La tragédie des communs décrite par Garrett Hardin est aujourd’hui une réalité. Nous produisons et consommons des quantités tellement importantes de biens de consommation que les ressources viennent à manquer, et que l’environnement naturel est profondément déséquilibré par nos activités. Et surtout, nous sommes loin d’être efficients dans nos modes de consommation.

Un exemple ? En Europe, on dénombre entre 5 et 7 voitures pour 10 habitants… et ces voitures sont à l’arrêt 89% du temps. Quand elles roulent, c’est souvent pour transporter une seule personne. Trop de voitures, trop peu utilisées et trop mal utilisées, laisse un immense potentiel non exploité.

C’est sur la base de ce constat que se sont développées récemment les entreprises les plus dynamiques dans le secteur de la mobilité. Uber, Blablacar ou Koolicar par exemple, proposent chacune à leur manière une façon d’utiliser ce potentiel, en partageant les véhicules existants pour nos transports.

C’est ce que l’on appelle l’économie collaborative : au lieu de consommer chaque produit de façon individuelle, l’idée est de partager l’utilisation, de mutualiser les produits, les infrastructures et les plateformes, pour une économie basée sur le partage.

Ce qui peut sonner comme une utopie bienveillante digne de Robert Owen est pourtant une réalité économique, non seulement très concrète, mais surtout très dynamique.

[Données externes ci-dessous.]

Definition experiment (R : realType) (n : nat) (S : finType) (pi : 'I_n -> S -> R) : Prop :=
  (forall th s, 0 <= pi th s) /\ (forall th, \sum_s pi th s = 1).

Definition sigprob (R : realType) (n : nat) (S : finType) (mu : 'rV[R]_n)
  (pi : 'I_n -> S -> R) (s : S) : R := \sum_th mu 0 th * pi th s.

(* Bayesian posterior after signal s (only relevant when sigprob > 0) *)
Definition posterior (R : realType) (n : nat) (S : finType) (mu : 'rV[R]_n)
  (pi : 'I_n -> S -> R) (s : S) : 'rV[R]_n :=
  \row_th (mu 0 th * pi th s / sigprob mu pi s).

(* E_{rho_B} W : rho_B puts mass sigprob s on posterior s *)
Definition expect_post (R : realType) (n : nat) (S : finType) (mu : 'rV[R]_n)
  (pi : 'I_n -> S -> R) (W : 'rV[R]_n -> R) : R :=
  \sum_s sigprob mu pi s * W (posterior mu pi s).

(* Blackwell order pi >= pi' : rho_B' is a mean-preserving contraction of rho_B,
   i.e. there is a coupling w of the two distributions over posteriors
   (indexed by signals) such that the conditional mean of the pi-posterior
   given the pi'-posterior is the pi'-posterior. *)
Definition blackwell_geq (R : realType) (n : nat) (S S' : finType) (mu : 'rV[R]_n)
  (pi : 'I_n -> S -> R) (pi' : 'I_n -> S' -> R) : Prop :=
  exists w : S' -> S -> R,
    (forall s' s, 0 <= w s' s) /\
    (forall s, \sum_s' w s' s = sigprob mu pi s) /\
    (forall s', \sum_s w s' s = sigprob mu pi' s') /\
    (forall s', \sum_s w s' s *: posterior mu pi s = sigprob mu pi' s' *: posterior mu pi' s').

Definition exp_util (R : realType) (n : nat) (T : Type) (u : T -> 'I_n -> R)
  (y : 'rV[R]_n) (a : T) : R := \sum_th y 0 th * u a th.

Definition Wfun (R : realType) (n : nat) (T : Type) (u : T -> 'I_n -> R)
  (astar : 'rV[R]_n -> T) (phi : 'rV[R]_n -> 'rV[R]_n) (x : 'rV[R]_n) : R :=
  exp_util u x (astar (phi x)).

(* The rule (with distortion phi for prior mu) respects the Blackwell order:
   for every compact action set A (a compact topological space), every
   u : A x Θ -> R continuous (Θ finite discrete, so: continuous in a for each θ),
   every consistent choice a*, and all experiments pi >= pi'. *)
Definition respects_blackwell (R : realType) (n : nat) (mu : 'rV[R]_n)
  (phi : 'rV[R]_n -> 'rV[R]_n) : Prop :=
  forall (A : topologicalType) (u : A -> 'I_n -> R) (astar : 'rV[R]_n -> A),
    compact [set: A] ->
    (forall th, continuous (fun a => u a th)) ->
    (forall y, simplex y -> forall a, exp_util u y a <= exp_util u y (astar y)) ->
    forall (S S' : finType) (pi : 'I_n -> S -> R) (pi' : 'I_n -> S' -> R),
      experiment pi -> experiment pi' -> blackwell_geq mu pi pi' ->
      expect_post mu pi' (Wfun u astar phi) <= expect_post mu pi (Wfun u astar phi).

Definition expansive_at (R : realType) (n : nat) (mu : 'rV[R]_n)
  (phi : 'rV[R]_n -> 'rV[R]_n) (x : 'rV[R]_n) : Prop :=
  ~ segment x mu (phi x).

Definition contractive_at (R : realType) (n : nat) (mu : 'rV[R]_n)
  (phi : 'rV[R]_n -> 'rV[R]_n) (x : 'rV[R]_n) : Prop :=
  segment x mu (phi x) /\ phi x <> x.

Definition produces_expansive (R : realType) (n : nat) (mu : 'rV[R]_n)
  (phi : 'rV[R]_n -> 'rV[R]_n) : Prop :=
  exists x, simplex x /\ expansive_at mu phi x.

Le marché mondial de l’économie collaborative devrait connaître une croissance de 2100% d’ici 2025

Outre sa voiture, on peut aujourd’hui partager son logement (Aibnb), louer ses vêtements (Poshmark)… Plus étonnant, on peut partager son wifi (Fon) et même l’énergie solaire (Yeloha).

Bref, l’économie collaborative est en plein développement, et PwC estime que le marché mondial pourrait croître de 2100 % dans les 10 prochaines années. Vous avez bien lu : le marché qui représente déjà 15 milliards de dollars aujourd’hui pourrait multiplier sa valeur par plus de 20 et atteindre 335 milliards en 2025.

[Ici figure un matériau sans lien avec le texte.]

(* For commutative F, call [tau] the type of a quasi-kernel element u when [a u + b u = tau a b u]
   for all scalars a, b.  Two nonzero compatible elements have the same type (up to the action),
   so the elements of a given type form a maximal regular subspace, i.e. a block.  Finite block
   type thus yields finitely many types tau_1, ..., tau_m with every element of V a sum
   y_1 + ... + y_m, y_k of type tau_k.  In an ultrapower, a class whose coordinates all have type
   tau_k lies in the quasi-kernel with the uniform witness tau_k a b, so decomposing
   coordinatewise writes every class as a sum of m quasi-kernel elements; the F-group axioms
   transfer coordinatewise. *)

Set Implicit Arguments.
Unset Strict Implicit.

Section UltrapowerClasses.
Variables (Ix V : Type) (U : (Ix -> Prop) -> Prop).
Hypothesis HU : ultrafilter U.
Implicit Types (f g h : Ix -> V) (A B : Ix -> Prop).

Lemma ultra_mono A B : U A -> (forall i, A i -> B i) -> U B.
Proof. destruct HU as (_ & _ & Hmono & _). apply Hmono. Qed.

Lemma ultra_and A B : U A -> U B -> U (fun i => A i /\ B i).
Proof. destruct HU as (_ & _ & _ & Hand & _). apply Hand. Qed.

Lemma ultra_all A : (forall i, A i) -> U A.
Proof. destruct HU as (Htop & _). intro HA. apply (ultra_mono Htop). auto. Qed.

Lemma ultra_nonempty A : U A -> exists i, A i.
Proof.
  destruct HU as (_ & Hbot & _). intro HA. apply NNPP. intro Hno. apply Hbot.
  apply (ultra_mono HA). intros i Hi. apply Hno. now exists i.
Qed.

Lemma ultra_em A : U A \/ U (fun i => ~ A i).
Proof. destruct HU as (_ & _ & _ & _ & Hem). apply Hem. Qed.

Lemma ueq_trans f g h : ueq U f g -> ueq U g h -> ueq U f h.
Proof. intros Hfg Hgh. apply (ultra_mono (ultra_and Hfg Hgh)). intros i [-> ->]. easy. Qed.

Lemma ueq_sym f g : ueq U f g -> ueq U g f.
Proof. intro Hfg. apply (ultra_mono Hfg). easy. Qed.

Notation cls := (UPclass U).

Lemma UPclass_eq f g : ueq U f g -> cls f = cls g.
Proof.
  intro Hfg. unfold UPclass. apply eq_exist_uncurried.
  assert (Eq : ueq U f = ueq U g).
  { apply functional_extensionality. intro h. apply propositional_extensionality.
    split; apply ueq_trans; [now apply ueq_sym | exact Hfg]. }
  exists Eq. apply proof_irrelevance.
Qed.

Cela représente plus de 25% de croissance annuelle. Certains secteurs comme la finance collaborative sont appelés à croître de plus de 60% par an. L’économie collaborative semble donc devenir le nouveau business model qui fonctionne. La preuve ? Le succès du festival OuiShare Fest à Paris qui rassemblait les acteurs de l’économie collaborative avec plus de 180 intervenants et 50 nationalités représentées.

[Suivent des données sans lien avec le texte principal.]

(* Assume $F$ is $K$-smooth with $\ell\in\mathrm{int}(K)$ and strongly $K$-convex with $\mu\in\mathrm{int}(K)$. Let $C_\ell:=\{c^*\in K^*:\langle c^*,\ell\rangle=1\}$ and let $\{x^k\}$ be generated from $x^0$ by $$x^{k+1}:=\arg\min_{x\in\mathbb{R}^n}\max_{c^*\in C_\ell}\langle c^*,JF(x^k)(x-x^k)\rangle+\tfrac12\|x-x^k\|^2,$$ assumed not to terminate ($x^{k+1}\ne x^k$ for all $k$). Then: (i) $\{x^k\}$ converges to an efficient solution $x^*$ of $\min_K F(x)$; (ii) $\|x^{k+1}-x^*\|\le\sqrt{1-1/\kappa_{F,\preceq_K}}\,\|x^k-x^*\|$ for all $k\ge0$, where $\kappa_{F,\preceq_K}:=\max_{c^*\in K^*\setminus\{0\}}\frac{\langle c^*,\ell\rangle}{\langle c^*,\mu\rangle}$.
   Context: $K\subset\mathbb{R}^m$ closed convex pointed cone with nonempty interior; $y\preceq_K y'$ iff $y'-y\in K$. $K^*=\{c:\langle c,y\rangle\ge0\ \forall y\in K\}$. $F:\mathbb{R}^n\to\mathbb{R}^m$ differentiable with Jacobian $JF$. Strongly $K$-convex with $\mu\in K$: $JF(x)(y-x)+\tfrac12\|y-x\|^2\mu\preceq_K F(y)-F(x)$ $\forall x,y$. $K$-smooth with $\ell\in K$: $F(y)-F(x)\preceq_K JF(x)(y-x)+\tfrac12\|y-x\|^2\ell$ $\forall x,y$. $x^*$ is efficient if there is no $x$ with $F(x)\preceq_K F(x^* )$ and $F(x)\neq F(x^* )$. *)

From HB Require Import structures.
From mathcomp Require Import all_boot all_order all_algebra.
From mathcomp Require Import all_classical all_reals all_analysis.
Set Implicit Arguments. Unset Strict Implicit. Unset Printing Implicit Defensive.
Import Order.TTheory GRing.Theory Num.Theory.
Import numFieldNormedType.Exports.
Local Open Scope classical_set_scope.
Local Open Scope ring_scope.

Section Defs.
Variable R : realType.

Definition dotv (k : nat) (u v : 'rV[R]_k) : R := \sum_(i < k) u ord0 i * v ord0 i.
Definition enorm (k : nat) (u : 'rV[R]_k) : R := Num.sqrt (dotv u u).

Definition is_cone (m : nat) (K : set 'rV[R]_m) : Prop :=
  forall y t, K y -> 0 <= t -> K (t *: y).
Definition is_convex_set (m : nat) (K : set 'rV[R]_m) : Prop :=
  forall x y t, K x -> K y -> 0 <= t <= 1 -> K (t *: x + (1 - t) *: y).
Definition is_pointed (m : nat) (K : set 'rV[R]_m) : Prop :=
  forall y, K y -> K (- y) -> y = 0.

Definition coneLe (m : nat) (K : set 'rV[R]_m) (y y' : 'rV[R]_m) : Prop := K (y' - y).

Definition dual_cone (m : nat) (K : set 'rV[R]_m) : set 'rV[R]_m :=
  [set c | forall y, K y -> 0 <= dotv c y].

Definition Jac (n m : nat) (F : 'rV[R]_n -> 'rV[R]_m) (x v : 'rV[R]_n) : 'rV[R]_m :=
  'd F x v.

Definition strongly_K_convex (n m : nat) (K : set 'rV[R]_m)
  (F : 'rV[R]_n -> 'rV[R]_m) (mu : 'rV[R]_m) : Prop :=
  forall x y, coneLe K (Jac F x (y - x) + (2^-1 * enorm (y - x) ^+ 2) *: mu) (F y - F x).

Definition K_smooth (n m : nat) (K : set 'rV[R]_m)
  (F : 'rV[R]_n -> 'rV[R]_m) (ell : 'rV[R]_m) : Prop :=
  forall x y, coneLe K (F y - F x) (Jac F x (y - x) + (2^-1 * enorm (y - x) ^+ 2) *: ell).

Definition efficient (n m : nat) (K : set 'rV[R]_m)
  (F : 'rV[R]_n -> 'rV[R]_m) (xs : 'rV[R]_n) : Prop :=
  ~ exists x, coneLe K (F x) (F xs) /\ F x <> F xs.

Definition C_ell (m : nat) (K : set 'rV[R]_m) (ell : 'rV[R]_m) : set 'rV[R]_m :=
  [set c | dual_cone K c /\ dotv c ell = 1].

(* subproblem objective: max_{c in C_ell} <c, JF(xk)(x - xk)> + 1/2 |x - xk|^2
   (the max is attained, so it is written as a sup) *)
Definition subprob_obj (n m : nat) (K : set 'rV[R]_m) (ell : 'rV[R]_m)
  (F : 'rV[R]_n -> 'rV[R]_m) (xk x : 'rV[R]_n) : R :=
  sup [set dotv c (Jac F xk (x - xk)) | c in C_ell K ell]
  + 2^-1 * enorm (x - xk) ^+ 2.

Definition is_argmin (n : nat) (f : 'rV[R]_n -> R) (z : 'rV[R]_n) : Prop :=
  forall x, f z <= f x.

(* kappa = max_{c in K^* \ {0}} <c,ell>/<c,mu> (attained; written as a sup) *)
Definition kappa (m : nat) (K : set 'rV[R]_m) (ell mu : 'rV[R]_m) : R :=
  sup [set dotv c ell / dotv c mu | c in dual_cone K `\ 0].

End Defs.

From HB Require Import structures.
From mathcomp Require Import all_boot all_order all_algebra.
From mathcomp Require Import all_classical all_reals all_analysis.
From mathcomp Require Import ring lra.
Set Implicit Arguments. Unset Strict Implicit. Unset Printing Implicit Defensive.
Import Order.TTheory GRing.Theory Num.Theory.
Import numFieldNormedType.Exports.
Local Open Scope classical_set_scope.
Local Open Scope ring_scope.

(* Scalarizing with [c] in [C_ell], K-smoothness makes every step decrease each
   [<c, F(.)>], while the subproblem, being 1-strongly convex, grows quadratically
   around its minimizer. Combined with strong K-convexity and [<c, mu> >= 1/kappa],
   this gives [|x_(k+1) - y|^2 <= (1 - 1/kappa) |x_k - y|^2] for every [y] lying
   below [x_(k+1)] in all scalarizations. Taking [y] among later iterates makes the
   sequence Cauchy; its limit lies below every iterate, and any point K-below the
   limit is then a limit of the sequence too, which yields efficiency. *)

Section InnerProduct.
Variables (R : realType) (k : nat).
Implicit Types (u v w : 'rV[R]_k).

Lemma dotvC u v : dotv u v = dotv v u.
Proof. by apply: eq_bigr => i _; rewrite mulrC. Qed.

Lemma dotvDr u v w : dotv u (v + w) = dotv u v + dotv u w.
Proof. by rewrite /dotv -big_split; apply: eq_bigr => i _; rewrite !mxE mulrDr. Qed.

Les millenials et le big data mènent l’expansion de l’économie collaborative

Rien d’étonnant à y regarder de plus près : l’économie collaborative est en train de trouver dans les nouvelles technologies, un formidable vecteur de diffusion. La génération des millenials, acquise à une gestion instantanée et digitale des choses n’a aucun problème à utiliser son smartphone, la localisation GPS et les algorithmes des nouvelles applis afin de trouver tout de suite un produit ou un service à louer, qu’il soit offert par une entreprise ou par un particulier.

Grâce à cette nouvelle tendance de l’économie collaborative, il y a une réelle opportunité pour notre modèle économique d’évoluer. On peut y voir un moyen de transformer un peu de notre nature consumériste pour la rendre plus durable, en offrant à chaque produit plusieurs vies et en mutualisant les services.

Comment réguler l’économie collaborative ?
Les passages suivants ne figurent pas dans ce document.